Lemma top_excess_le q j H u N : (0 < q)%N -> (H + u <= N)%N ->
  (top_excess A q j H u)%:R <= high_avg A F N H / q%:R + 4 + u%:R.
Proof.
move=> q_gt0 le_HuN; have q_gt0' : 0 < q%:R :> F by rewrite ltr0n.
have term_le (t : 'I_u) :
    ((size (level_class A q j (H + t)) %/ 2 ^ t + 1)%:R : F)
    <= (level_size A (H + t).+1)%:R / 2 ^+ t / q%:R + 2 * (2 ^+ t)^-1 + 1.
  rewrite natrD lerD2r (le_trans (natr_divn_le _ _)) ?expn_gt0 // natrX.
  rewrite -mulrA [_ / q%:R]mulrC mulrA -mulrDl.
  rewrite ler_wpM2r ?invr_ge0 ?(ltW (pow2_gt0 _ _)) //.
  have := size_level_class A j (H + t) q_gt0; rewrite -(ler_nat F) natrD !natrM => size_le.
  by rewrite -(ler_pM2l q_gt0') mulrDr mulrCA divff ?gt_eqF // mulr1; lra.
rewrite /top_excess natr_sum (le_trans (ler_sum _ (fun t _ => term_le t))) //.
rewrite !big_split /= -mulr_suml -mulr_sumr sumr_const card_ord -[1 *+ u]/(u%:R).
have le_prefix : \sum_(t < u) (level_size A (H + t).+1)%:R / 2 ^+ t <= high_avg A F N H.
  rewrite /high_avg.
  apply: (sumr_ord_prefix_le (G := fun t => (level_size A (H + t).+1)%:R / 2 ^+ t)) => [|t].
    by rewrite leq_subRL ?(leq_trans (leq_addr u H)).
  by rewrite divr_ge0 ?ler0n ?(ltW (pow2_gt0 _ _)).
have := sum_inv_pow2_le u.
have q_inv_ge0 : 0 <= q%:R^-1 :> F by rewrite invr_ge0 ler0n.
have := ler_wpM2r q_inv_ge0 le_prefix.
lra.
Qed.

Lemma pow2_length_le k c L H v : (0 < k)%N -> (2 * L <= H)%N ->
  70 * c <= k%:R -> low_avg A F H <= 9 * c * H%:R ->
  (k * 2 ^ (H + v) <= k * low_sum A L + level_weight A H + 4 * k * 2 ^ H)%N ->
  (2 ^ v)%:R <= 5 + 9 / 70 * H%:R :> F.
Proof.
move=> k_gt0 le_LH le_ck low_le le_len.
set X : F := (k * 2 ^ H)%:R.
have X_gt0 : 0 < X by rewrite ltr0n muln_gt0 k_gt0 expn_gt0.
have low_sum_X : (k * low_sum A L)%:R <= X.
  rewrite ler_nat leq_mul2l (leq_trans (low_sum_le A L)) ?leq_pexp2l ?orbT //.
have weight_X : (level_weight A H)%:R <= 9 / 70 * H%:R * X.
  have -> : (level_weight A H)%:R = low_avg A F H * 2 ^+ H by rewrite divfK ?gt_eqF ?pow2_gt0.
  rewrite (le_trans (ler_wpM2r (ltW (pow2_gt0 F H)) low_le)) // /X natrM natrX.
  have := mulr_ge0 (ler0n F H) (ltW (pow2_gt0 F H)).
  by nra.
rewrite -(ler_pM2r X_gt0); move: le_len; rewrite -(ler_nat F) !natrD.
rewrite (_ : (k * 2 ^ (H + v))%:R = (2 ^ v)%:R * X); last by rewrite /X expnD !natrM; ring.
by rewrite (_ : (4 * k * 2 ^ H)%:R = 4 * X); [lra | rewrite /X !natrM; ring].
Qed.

==*==

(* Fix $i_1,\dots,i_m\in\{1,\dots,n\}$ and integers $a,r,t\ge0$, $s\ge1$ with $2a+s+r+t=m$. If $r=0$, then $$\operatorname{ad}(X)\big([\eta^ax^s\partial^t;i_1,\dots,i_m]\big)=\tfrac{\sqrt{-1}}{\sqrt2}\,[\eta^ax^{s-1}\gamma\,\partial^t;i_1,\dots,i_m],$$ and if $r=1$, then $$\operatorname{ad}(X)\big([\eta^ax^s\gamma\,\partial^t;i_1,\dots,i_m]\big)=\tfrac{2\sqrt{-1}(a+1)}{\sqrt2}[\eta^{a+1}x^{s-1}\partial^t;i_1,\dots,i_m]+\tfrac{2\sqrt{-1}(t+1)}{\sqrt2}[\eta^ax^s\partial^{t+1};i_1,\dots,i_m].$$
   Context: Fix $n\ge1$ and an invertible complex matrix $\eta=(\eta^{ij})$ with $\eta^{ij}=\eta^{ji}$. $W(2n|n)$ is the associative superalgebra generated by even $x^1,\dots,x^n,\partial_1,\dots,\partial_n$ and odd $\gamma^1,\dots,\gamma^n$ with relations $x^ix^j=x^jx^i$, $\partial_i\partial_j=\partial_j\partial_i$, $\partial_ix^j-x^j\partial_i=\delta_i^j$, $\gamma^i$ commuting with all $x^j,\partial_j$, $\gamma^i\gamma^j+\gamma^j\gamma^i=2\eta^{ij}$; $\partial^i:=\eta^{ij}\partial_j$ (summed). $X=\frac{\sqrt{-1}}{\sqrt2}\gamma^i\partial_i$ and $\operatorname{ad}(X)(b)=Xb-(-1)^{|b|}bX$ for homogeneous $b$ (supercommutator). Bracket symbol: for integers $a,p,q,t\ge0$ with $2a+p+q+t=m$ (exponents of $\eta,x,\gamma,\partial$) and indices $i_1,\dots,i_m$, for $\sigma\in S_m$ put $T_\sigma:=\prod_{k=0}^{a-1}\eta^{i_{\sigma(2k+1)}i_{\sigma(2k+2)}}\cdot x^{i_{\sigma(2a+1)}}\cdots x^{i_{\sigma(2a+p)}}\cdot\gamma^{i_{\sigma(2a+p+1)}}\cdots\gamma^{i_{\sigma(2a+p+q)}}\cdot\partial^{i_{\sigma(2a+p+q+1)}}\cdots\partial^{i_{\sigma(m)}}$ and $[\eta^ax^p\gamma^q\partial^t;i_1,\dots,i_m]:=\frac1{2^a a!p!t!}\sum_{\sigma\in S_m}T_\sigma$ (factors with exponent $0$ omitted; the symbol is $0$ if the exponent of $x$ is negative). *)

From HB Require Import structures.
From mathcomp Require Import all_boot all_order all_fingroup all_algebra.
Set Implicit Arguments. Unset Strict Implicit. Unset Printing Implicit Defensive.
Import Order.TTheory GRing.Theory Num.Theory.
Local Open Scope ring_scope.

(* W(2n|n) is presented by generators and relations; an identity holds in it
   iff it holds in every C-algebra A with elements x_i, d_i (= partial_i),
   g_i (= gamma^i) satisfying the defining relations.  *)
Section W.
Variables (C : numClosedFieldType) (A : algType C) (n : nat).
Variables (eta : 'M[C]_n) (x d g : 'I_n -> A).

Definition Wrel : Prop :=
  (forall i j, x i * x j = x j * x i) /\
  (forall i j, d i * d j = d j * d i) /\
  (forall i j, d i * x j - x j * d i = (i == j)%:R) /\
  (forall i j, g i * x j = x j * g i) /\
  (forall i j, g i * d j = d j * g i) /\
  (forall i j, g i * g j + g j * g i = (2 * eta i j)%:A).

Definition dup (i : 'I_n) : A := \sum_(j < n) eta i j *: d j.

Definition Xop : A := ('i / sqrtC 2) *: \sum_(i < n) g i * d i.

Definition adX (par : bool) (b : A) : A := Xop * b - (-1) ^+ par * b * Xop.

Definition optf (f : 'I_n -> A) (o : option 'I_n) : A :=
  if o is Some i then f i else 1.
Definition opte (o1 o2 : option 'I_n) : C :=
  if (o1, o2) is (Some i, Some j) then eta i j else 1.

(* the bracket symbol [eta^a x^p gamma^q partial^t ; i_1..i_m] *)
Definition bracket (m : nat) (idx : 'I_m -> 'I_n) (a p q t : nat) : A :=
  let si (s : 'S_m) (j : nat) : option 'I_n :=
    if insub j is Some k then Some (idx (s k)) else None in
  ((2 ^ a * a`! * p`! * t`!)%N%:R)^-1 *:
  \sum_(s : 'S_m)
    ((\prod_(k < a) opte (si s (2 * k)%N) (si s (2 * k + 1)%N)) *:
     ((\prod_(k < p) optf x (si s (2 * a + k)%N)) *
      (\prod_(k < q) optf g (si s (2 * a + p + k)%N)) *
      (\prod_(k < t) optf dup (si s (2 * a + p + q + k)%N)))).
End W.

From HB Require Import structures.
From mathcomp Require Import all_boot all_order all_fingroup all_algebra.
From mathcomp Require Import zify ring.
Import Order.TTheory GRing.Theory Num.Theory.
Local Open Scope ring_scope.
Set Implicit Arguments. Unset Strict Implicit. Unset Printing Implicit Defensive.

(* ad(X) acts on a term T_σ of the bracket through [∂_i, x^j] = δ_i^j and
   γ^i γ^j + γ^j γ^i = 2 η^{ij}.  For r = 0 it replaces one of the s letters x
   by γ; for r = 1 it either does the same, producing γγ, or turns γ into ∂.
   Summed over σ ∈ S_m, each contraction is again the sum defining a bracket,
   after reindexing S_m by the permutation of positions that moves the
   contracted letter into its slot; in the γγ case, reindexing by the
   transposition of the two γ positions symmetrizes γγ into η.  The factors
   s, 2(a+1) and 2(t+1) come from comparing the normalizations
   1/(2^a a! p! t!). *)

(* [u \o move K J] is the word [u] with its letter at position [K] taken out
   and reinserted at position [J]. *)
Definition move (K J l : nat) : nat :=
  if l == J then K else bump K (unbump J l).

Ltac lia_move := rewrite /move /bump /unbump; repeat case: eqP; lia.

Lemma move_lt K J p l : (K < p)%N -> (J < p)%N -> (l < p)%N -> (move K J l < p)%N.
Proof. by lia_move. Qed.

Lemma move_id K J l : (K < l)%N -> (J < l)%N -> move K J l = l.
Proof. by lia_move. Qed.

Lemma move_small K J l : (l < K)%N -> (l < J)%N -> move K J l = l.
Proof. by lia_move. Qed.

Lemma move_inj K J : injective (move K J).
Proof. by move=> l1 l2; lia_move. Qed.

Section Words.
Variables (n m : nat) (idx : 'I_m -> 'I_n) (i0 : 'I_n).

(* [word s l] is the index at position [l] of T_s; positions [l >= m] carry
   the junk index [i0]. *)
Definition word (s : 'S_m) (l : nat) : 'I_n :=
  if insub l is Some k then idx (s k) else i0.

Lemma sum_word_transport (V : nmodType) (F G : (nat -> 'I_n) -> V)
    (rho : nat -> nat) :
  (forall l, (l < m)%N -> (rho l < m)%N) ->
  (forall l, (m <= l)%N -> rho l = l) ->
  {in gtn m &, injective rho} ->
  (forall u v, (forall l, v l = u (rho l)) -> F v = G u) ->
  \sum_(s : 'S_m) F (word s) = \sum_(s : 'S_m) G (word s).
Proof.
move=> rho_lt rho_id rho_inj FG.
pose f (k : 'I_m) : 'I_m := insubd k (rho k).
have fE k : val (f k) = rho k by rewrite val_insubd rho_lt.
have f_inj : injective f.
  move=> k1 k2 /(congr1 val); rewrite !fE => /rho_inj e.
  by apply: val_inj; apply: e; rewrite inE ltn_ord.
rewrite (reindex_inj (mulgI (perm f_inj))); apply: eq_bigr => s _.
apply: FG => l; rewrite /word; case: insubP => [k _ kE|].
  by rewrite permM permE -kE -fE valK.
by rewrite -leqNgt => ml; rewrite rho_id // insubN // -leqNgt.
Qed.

==*==

§ EXERCISE DIRECTIONS:
All lines holding the word "else" must be copied from the data.

§ ANSWER SECTION:
  if o is Some i then f i else 1.
  if (o1, o2) is (Some i, Some j) then eta i j else 1.
    if insub j is Some k then Some (idx (s k)) else None in
  if l == J then K else bump K (unbump J l).
  if insub l is Some k then idx (s k) else i0.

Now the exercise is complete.